- _Data in this exercise_
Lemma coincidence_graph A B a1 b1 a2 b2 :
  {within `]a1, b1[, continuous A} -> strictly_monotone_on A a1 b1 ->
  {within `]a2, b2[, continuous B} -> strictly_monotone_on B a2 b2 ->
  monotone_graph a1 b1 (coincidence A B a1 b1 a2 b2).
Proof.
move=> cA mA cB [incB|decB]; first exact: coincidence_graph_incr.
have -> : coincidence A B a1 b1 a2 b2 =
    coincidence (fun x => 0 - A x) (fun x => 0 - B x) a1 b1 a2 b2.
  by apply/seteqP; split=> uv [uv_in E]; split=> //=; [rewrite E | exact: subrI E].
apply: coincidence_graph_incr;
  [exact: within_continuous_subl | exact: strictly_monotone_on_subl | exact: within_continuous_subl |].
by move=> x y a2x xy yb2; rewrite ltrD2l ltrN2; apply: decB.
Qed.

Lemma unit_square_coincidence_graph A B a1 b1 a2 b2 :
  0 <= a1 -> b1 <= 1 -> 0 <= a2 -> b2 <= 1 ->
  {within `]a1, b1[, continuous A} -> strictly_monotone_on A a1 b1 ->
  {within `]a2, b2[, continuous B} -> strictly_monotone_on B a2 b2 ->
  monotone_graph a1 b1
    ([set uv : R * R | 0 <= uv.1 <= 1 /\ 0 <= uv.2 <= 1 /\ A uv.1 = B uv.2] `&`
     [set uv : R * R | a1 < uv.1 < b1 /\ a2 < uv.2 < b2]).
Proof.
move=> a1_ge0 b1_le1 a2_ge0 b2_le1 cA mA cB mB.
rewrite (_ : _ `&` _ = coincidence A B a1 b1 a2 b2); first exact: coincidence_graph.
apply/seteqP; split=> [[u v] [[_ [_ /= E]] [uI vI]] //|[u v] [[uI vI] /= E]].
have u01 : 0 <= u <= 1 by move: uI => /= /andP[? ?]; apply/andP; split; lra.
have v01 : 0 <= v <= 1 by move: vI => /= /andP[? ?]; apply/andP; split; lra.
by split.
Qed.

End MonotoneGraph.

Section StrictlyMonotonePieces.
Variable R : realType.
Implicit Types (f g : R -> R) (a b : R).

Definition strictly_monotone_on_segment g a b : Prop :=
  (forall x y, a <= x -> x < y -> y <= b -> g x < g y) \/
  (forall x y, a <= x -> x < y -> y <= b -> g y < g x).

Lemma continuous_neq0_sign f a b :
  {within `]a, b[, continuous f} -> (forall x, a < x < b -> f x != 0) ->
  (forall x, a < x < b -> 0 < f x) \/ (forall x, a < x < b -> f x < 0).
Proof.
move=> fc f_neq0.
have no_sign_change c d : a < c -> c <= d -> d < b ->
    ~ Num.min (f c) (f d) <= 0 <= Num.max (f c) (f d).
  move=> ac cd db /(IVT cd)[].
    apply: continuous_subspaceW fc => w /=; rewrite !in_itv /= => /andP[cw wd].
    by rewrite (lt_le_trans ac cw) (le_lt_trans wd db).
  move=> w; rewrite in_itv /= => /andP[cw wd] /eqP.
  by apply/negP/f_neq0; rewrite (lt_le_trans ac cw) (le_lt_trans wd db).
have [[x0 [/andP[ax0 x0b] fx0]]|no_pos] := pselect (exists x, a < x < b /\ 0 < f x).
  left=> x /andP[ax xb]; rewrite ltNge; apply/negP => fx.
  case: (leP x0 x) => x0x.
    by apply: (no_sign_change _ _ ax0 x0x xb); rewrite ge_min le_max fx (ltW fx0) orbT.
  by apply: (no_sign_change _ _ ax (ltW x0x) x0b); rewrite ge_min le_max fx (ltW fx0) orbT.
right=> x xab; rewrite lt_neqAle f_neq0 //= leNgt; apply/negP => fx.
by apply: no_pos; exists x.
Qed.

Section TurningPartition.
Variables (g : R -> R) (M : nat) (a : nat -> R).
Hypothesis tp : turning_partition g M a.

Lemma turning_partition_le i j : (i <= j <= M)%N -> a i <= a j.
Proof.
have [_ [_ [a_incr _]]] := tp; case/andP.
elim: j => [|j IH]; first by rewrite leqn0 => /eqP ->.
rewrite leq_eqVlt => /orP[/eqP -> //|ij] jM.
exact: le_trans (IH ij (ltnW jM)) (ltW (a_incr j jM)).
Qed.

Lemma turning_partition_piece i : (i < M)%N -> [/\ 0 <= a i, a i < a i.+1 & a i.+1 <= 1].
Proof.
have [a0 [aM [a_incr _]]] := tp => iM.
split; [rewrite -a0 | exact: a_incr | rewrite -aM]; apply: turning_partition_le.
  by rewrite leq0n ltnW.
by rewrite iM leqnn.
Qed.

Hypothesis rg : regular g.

- _Problem to solve_
Filter the entries down to the lines with the word "case" in them, and copy those lines.

- _Response_
  case: (leP x0 x) => x0x.
have [_ [_ [a_incr _]]] := tp; case/andP.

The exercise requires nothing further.